MALLET is a tool that does require a bit of comfort with the command-line, though it’s really just the same four commands or so over and over again. It’s a fairly simply software to run once you’ve gotten the hang of it, but that first part of the learning curve could be a bit more like a learning cliff.
On their website, MALLET has a link called “Tutorial” – don’t click it. Instead, after downloading and installing the software, follow the directions on the “Importing Data” page. Then, follow the directions on the “Topic Modeling” page.
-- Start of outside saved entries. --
(* Let $p$ be a prime and let $P$ be any box with inputs and outputs in $\mathbb{Z}_p$. For $j\in\mathbb{Z}_p$ define $$\mu_j=\frac1{p^2}\sum_{x,y=0}^{p-1}\ \sum_{k=0}^{p-1}P(a=k,\,b=k-xy+j\mid x,y).$$ Then $P\to\sum_{j=0}^{p-1}\mu_j\,PR_{p,j}$. Explicitly, the following protocol uses one copy of $P$. Alice and Bob draw independent uniform shared $\alpha,\beta,\gamma\in\mathbb{Z}_p$. They input $x+\alpha$ and $y+\beta$ into $P$ and obtain $a',b'$. Alice outputs $a=a'-\beta x-\alpha\beta+\gamma$ and Bob outputs $b=b'+\alpha y+\gamma$. The resulting box is exactly $\sum_{j}\mu_jPR_{p,j}$.
   Context: Let $p$ be a prime. All arithmetic on elements of $\mathbb{Z}_p$ is modulo $p$. A box is a conditional probability distribution $P(a,b\mid x,y)$ with $a,b,x,y\in\mathbb{Z}_p$. It is shared by Alice, who supplies $x$ and receives $a$, and Bob, who supplies $y$ and receives $b$. Different copies act independently. For $j\in\mathbb{Z}_p$, the box $PR_{p,j}$ is defined by $PR_{p,j}(a,b\mid x,y)=1/p$ if $a-b=xy-j$, and $0$ otherwise. A convex combination of boxes is the corresponding convex combination of conditional distributions. $P_1\to P_2$ means the following. For some $N\ge1$, Alice and Bob, using shared randomness, $N$ copies of $P_1$, and local processing but no communication, can exactly produce outputs distributed as $P_2(a,b\mid x,y)$ for every input pair $(x,y)$. *)

From HB Require Import structures.
From mathcomp Require Import all_boot all_order all_algebra.
Set Implicit Arguments. Unset Strict Implicit. Unset Printing Implicit Defensive.
Import Order.TTheory GRing.Theory Num.Theory.
Local Open Scope ring_scope.

(* A box with inputs/outputs in Z_p: P a b x y = P(a,b | x,y).
   Probabilities live in an arbitrary real field R. *)
Definition box (R : realFieldType) (p : nat) := 'F_p -> 'F_p -> 'F_p -> 'F_p -> R.

Definition is_box (R : realFieldType) (p : nat) (P : box R p) : Prop :=
  (forall a b x y, 0 <= P a b x y) /\
  (forall x y, \sum_(a : 'F_p) \sum_(b : 'F_p) P a b x y = 1).

Definition PR (R : realFieldType) (p : nat) (j : 'F_p) : box R p :=
  fun a b x y => if a - b == x * y - j then (p%:R)^-1 else 0.

Definition mu (R : realFieldType) (p : nat) (P : box R p) (j : 'F_p) : R :=
  (p%:R ^+ 2)^-1 *
  \sum_(x : 'F_p) \sum_(y : 'F_p) \sum_(k : 'F_p) P k (k - x * y + j) x y.

Definition PR_mixture (R : realFieldType) (p : nat) (P : box R p) : box R p :=
  fun a b x y => \sum_(j : 'F_p) mu P j * PR R j a b x y.

(* P1 -> P2 : exact simulation using N >= 1 copies of P1, shared randomness
   and local (possibly adaptive) processing, no communication.
   - Shared randomness: a finite probability space (Lam, q); local randomness
     is absorbed into it (finitely many deterministic strategies exist, so a
     finite space is without loss of generality).
   - Alice uses the copies in order 0..N-1; the input she gives to copy i may
     depend on the shared randomness, her input x and her outputs from the
     copies k < i (causality); her final output depends on the shared
     randomness, x and all her outputs.  Same for Bob.
   - The copies act independently: the joint probability of output vectors
     (oa, ob) is the product over copies of P1(oa i, ob i | inputs i). *)
Definition simulates (R : realFieldType) (p : nat) (P1 P2 : box R p) : Prop :=
  exists (N : nat) (Lam : finType) (q : Lam -> R)
         (inA : Lam -> 'F_p -> {ffun 'I_N -> 'F_p} -> 'I_N -> 'F_p)
         (outA : Lam -> 'F_p -> {ffun 'I_N -> 'F_p} -> 'F_p)
         (inB : Lam -> 'F_p -> {ffun 'I_N -> 'F_p} -> 'I_N -> 'F_p)
         (outB : Lam -> 'F_p -> {ffun 'I_N -> 'F_p} -> 'F_p),
    [/\ (1 <= N)%N,
        (forall l, 0 <= q l),
        \sum_(l : Lam) q l = 1,
        (forall l x (o o' : {ffun 'I_N -> 'F_p}) (i : 'I_N),
           (forall k : 'I_N, (k < i)%N -> o k = o' k) ->
           inA l x o i = inA l x o' i /\ inB l x o i = inB l x o' i) &
        (forall a b x y,
           P2 a b x y =
           \sum_(l : Lam) q l *
             \sum_(oa : {ffun 'I_N -> 'F_p}) \sum_(ob : {ffun 'I_N -> 'F_p})
               ((outA l x oa == a) && (outB l y ob == b))%:R *
               \prod_(i : 'I_N) P1 (oa i) (ob i) (inA l x oa i) (inB l y ob i))].

Definition depolarize_protocol (R : realFieldType) (p : nat) (P : box R p) : box R p :=
  fun a b x y =>
    (p%:R ^+ 3)^-1 *
    \sum_(al : 'F_p) \sum_(be : 'F_p) \sum_(ga : 'F_p)
      \sum_(a' : 'F_p) \sum_(b' : 'F_p)
        ((a == a' - be * x - al * be + ga) && (b == b' + al * y + ga))%:R *
        P a' b' (x + al) (y + be).

From HB Require Import structures.
From mathcomp Require Import all_boot all_order all_algebra.
From mathcomp Require Import ring.
From Stdlib Require Import FunctionalExtensionality.
Import Order.TTheory GRing.Theory Num.Theory.
Local Open Scope ring_scope.

(* Both boxes in the theorem are evaluated in closed form: for every input
   pair (x, y) and outputs (a, b),
      depolarize_protocol P a b x y = PR_mixture P a b x y
                                    = mu P (x y - a + b) / p.
   For the mixture this is immediate, since PR_{p,j}(a,b|x,y) is nonzero
   only for j = x y - a + b.  For the protocol, summing out the outputs of
   the copy of P leaves a single term per shared randomness (al, be, ga),
   and the change of variables u = x + al, v = y + be,
   k = a + u v - u y - ga turns the sum over (al, be, ga) into exactly the
   sum defining mu P (x y - a + b).
   Independently, every one-copy protocol driven by a finite shared random
   variable is a legitimate simulation in the sense of [simulates]; the
   depolarization protocol is such a protocol with uniform weights on
   'F_p^3, which sum to 1 because #|'F_p| = p for p prime. *)

Lemma sum_indicator (R : realFieldType) (T : finType) (F : T -> R) (c : T) :
  \sum_(t : T) ((t == c)%:R * F t) = F c.
Proof.
rewrite (bigD1 c) //= eqxx mul1r big1 ?addr0 // => t /negbTE ->.
by rewrite mul0r.
Qed.

Lemma sum_indicator2 (R : realFieldType) (T : finType) (F : T -> T -> R)
    (c d : T) :
  \sum_(s : T) \sum_(t : T) (((s == c) && (t == d))%:R * F s t) = F c d.
Proof.
rewrite -(@sum_indicator R _ (fun s => F s d) c); apply: eq_bigr => s _.
have [-> | _] := eqVneq s c; first by rewrite mul1r sum_indicator.
by rewrite mul0r big1 // => t _; rewrite mul0r.
Qed.

(* The mixture of PR boxes only sees the weight of the unique compatible j. *)
Lemma PR_mixtureE (R : realFieldType) (p : nat) (P : box R p) a b x y :
  PR_mixture P a b x y = mu P (x * y - a + b) * (p%:R)^-1.
Proof.
rewrite /PR_mixture -(@sum_indicator R _ (fun j => mu P j * (p%:R)^-1)).
apply: eq_bigr => j _; rewrite /PR.
have -> : (a - b == x * y - j) = (j == x * y - a + b).
  by apply/eqP/eqP => E; [rewrite -[j](subKr (x * y)) -E | rewrite E]; ring.
by case: (_ == _); rewrite ?mul1r ?mul0r ?mulr0.
Qed.

Lemma depolarize_fixed_randomness (R : realFieldType) (p : nat) (P : box R p)
    (a b x y al be ga : 'F_p) :
  \sum_(a' : 'F_p) \sum_(b' : 'F_p)
     ((a == a' - be * x - al * be + ga) && (b == b' + al * y + ga))%:R *
     P a' b' (x + al) (y + be)
  = P (a + be * x + al * be - ga) (b - al * y - ga) (x + al) (y + be).
Proof.
rewrite -(@sum_indicator2 R _ (fun s t => P s t (x + al) (y + be))).
apply: eq_bigr => s _; apply: eq_bigr => t _.
by congr (_%:R * _); congr (_ && _); apply/eqP/eqP => ->; ring.
Qed.

Lemma subr_inj (p : nat) (c : 'F_p) : injective (fun u : 'F_p => u - c).
Proof. exact: (can_inj (addrNK c)). Qed.

Lemma rsubr_inj (p : nat) (c : 'F_p) : injective (fun u : 'F_p => c - u).
Proof. by move=> u v /= /addrI /oppr_inj. Qed.

Lemma depolarize_protocolE (R : realFieldType) (p : nat) (P : box R p) a b x y :
  depolarize_protocol P a b x y = mu P (x * y - a + b) * (p%:R)^-1.
Proof.
rewrite /depolarize_protocol /mu [RHS]mulrC [RHS]mulrA -invfM -exprS; congr (_ * _).
under eq_bigr do under eq_bigr do under eq_bigr do
  rewrite depolarize_fixed_randomness.
rewrite (reindex_inj (@subr_inj p x)) /=.
apply: eq_bigr => u _; rewrite (reindex_inj (@subr_inj p y)) /=.
apply: eq_bigr => v _; rewrite (reindex_inj (@rsubr_inj p (a + u * v - u * y))) /=.
by apply: eq_bigr => k _; congr (P _ _ _ _); ring.
Qed.

Definition one_copy_box (R : realFieldType) (p : nat) (Lam : finType)
    (q : Lam -> R) (inA : Lam -> 'F_p -> 'F_p) (outA : Lam -> 'F_p -> 'F_p -> 'F_p)
    (inB : Lam -> 'F_p -> 'F_p) (outB : Lam -> 'F_p -> 'F_p -> 'F_p)
    (P : box R p) : box R p :=
  fun a b x y =>
    \sum_(l : Lam) q l *
      \sum_(a' : 'F_p) \sum_(b' : 'F_p)
        ((outA l x a' == a) && (outB l y b' == b))%:R * P a' b' (inA l x) (inB l y).
Arguments one_copy_box {R p Lam}.

Lemma sum_ffun_ord1 (R : realFieldType) (T : finType) (G : {ffun 'I_1 -> T} -> R) :
  \sum_(o : {ffun 'I_1 -> T}) G o = \sum_(t : T) G [ffun=> t].
Proof.
rewrite (reindex (fun t : T => [ffun=> t])) //.
apply: onW_bij; exists (fun o : {ffun 'I_1 -> T} => o ord0).
  by move=> t; rewrite ffunE.
by move=> o; apply/ffunP => i; rewrite ffunE (ord1 i).
Qed.

(* Every one-copy protocol driven by a probability distribution on a finite
   set is a simulation with N = 1; causality is vacuous for a single copy. *)
Lemma one_copy_simulates (R : realFieldType) (p : nat) (P : box R p)
    (Lam : finType) (q : Lam -> R) (inA : Lam -> 'F_p -> 'F_p)
    (outA : Lam -> 'F_p -> 'F_p -> 'F_p) (inB : Lam -> 'F_p -> 'F_p)
    (outB : Lam -> 'F_p -> 'F_p -> 'F_p) :
  (forall l, 0 <= q l) -> \sum_(l : Lam) q l = 1 ->
  simulates P (one_copy_box q inA outA inB outB P).
Proof.
move=> q_ge0 q_sum1.
exists 1%N, Lam, q, (fun l x _ _ => inA l x),
  (fun l x (o : {ffun 'I_1 -> 'F_p}) => outA l x (o ord0)),
  (fun l y _ _ => inB l y),
  (fun l y (o : {ffun 'I_1 -> 'F_p}) => outB l y (o ord0)).
split=> // a b x y; apply: eq_bigr => l _; congr (_ * _).
rewrite sum_ffun_ord1; apply: eq_bigr => a' _.
rewrite sum_ffun_ord1; apply: eq_bigr => b' _.
by rewrite big_ord1 !ffunE.
Qed.

Lemma uniform_triple_sum1 (R : realFieldType) (p : nat) :
  prime p -> \sum_(l : 'F_p * 'F_p * 'F_p) (p%:R ^+ 3 : R)^-1 = 1.
Proof.
move=> p_prime; rewrite sumr_const !card_prod card_Fp //.
have -> : (p * p * p = p ^ 3)%N by rewrite !expnS expn0 muln1 mulnA.
rewrite -[_ *+ _]mulr_natr natrX mulVf // expf_neq0 //.
by rewrite pnatr_eq0 -lt0n prime_gt0.
Qed.

Lemma depolarize_one_copy (R : realFieldType) (p : nat) (P : box R p) :
  depolarize_protocol P =
  one_copy_box (fun _ : 'F_p * 'F_p * 'F_p => (p%:R ^+ 3)^-1)
    (fun l x => x + l.1.1) (fun l x a' => a' - l.1.2 * x - l.1.1 * l.1.2 + l.2)
    (fun l y => y + l.1.2) (fun l y b' => b' + l.1.1 * y + l.2) P.
Proof.
apply: functional_extensionality => a; apply: functional_extensionality => b.
do 2!apply: functional_extensionality => ?.
rewrite /depolarize_protocol /one_copy_box pair_bigA pair_bigA mulr_sumr.
apply: eq_bigr => [[[al be] ga]] _ /=; congr (_ * _).
by apply: eq_bigr => a' _; apply: eq_bigr => b' _; rewrite [a == _]eq_sym [b == _]eq_sym.
Qed.

Theorem lemma2 (R : realFieldType) (p : nat) (P : box R p) :
  prime p -> is_box P ->
  simulates P (PR_mixture P) /\ depolarize_protocol P = PR_mixture P.
Proof.
move=> p_prime _.
have depol_mix : depolarize_protocol P = PR_mixture P.
  do 4!apply: functional_extensionality => ?.
  by rewrite depolarize_protocolE PR_mixtureE.
split=> //; rewrite -depol_mix depolarize_one_copy.
apply: one_copy_simulates; last exact: uniform_triple_sum1.
by move=> _; rewrite invr_ge0 exprn_ge0 ?ler0n.
Qed.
If you’re a Windows user, Shawn Graham, Ian Milligan, and I wrote a tutorial on how to get it running when you run into a problem (and if this is your first time, you will), and it also includes directions for Macs. Unfortunately, a more detailed tutorial is beyond the scope of this tour, but between these links you’ve got a good chance of getting your first topic model up and running.
Examples in the DH World
There are a lot of examples of topic modeling out there, and here are some that I feel are representative of the various uses it can be put to. I’ve already mentioned David Mimno’s computational historiography of classics journals, as well as Allen Riddell’s similar study of German Studies publications. Both papers are good examples of using topic modeling as a meta-analysis of a discipline. Turning the gaze towards our collective navels, Matt Jockers used LDA to find what’s hot in the Digital Humanities, and Elijah Meeks has a great process piece looking at topics in definitions of digital humanities and humanities computing.
Lisa Rhody has an interesting exploratory topical analysis of poetry, and Rob Nelson as well discusses (briefly) making an argument via topic modeling applied to poetry, which he expands in this New York Times blog post. Continuing in the literary vein, Ted Underwood talks a bit about the relationship of words to topics, as well as a curious find linking topic models and family relations.
One of the great and oft-cited examples of topic modeling in the humanities is Rob Nelson’s Mining the Dispatch, which looks at the changing discussion during the American Civil War through an analysis of primary texts. Just as Nelson looks at changing topics in the news over time, so too does Newman and Block in an analysis of eighteenth century newspapers, as well as Yang, Torget, and Mihalcea in a more general look at topic modeling and newspapers. In another application using primary texts, Cameron Blevins uses MALLET to run an in-depth analysis of an eighteenth century diary.
This is not actually another section of the post. This is your conscience telling you to go try topic modeling for yourself.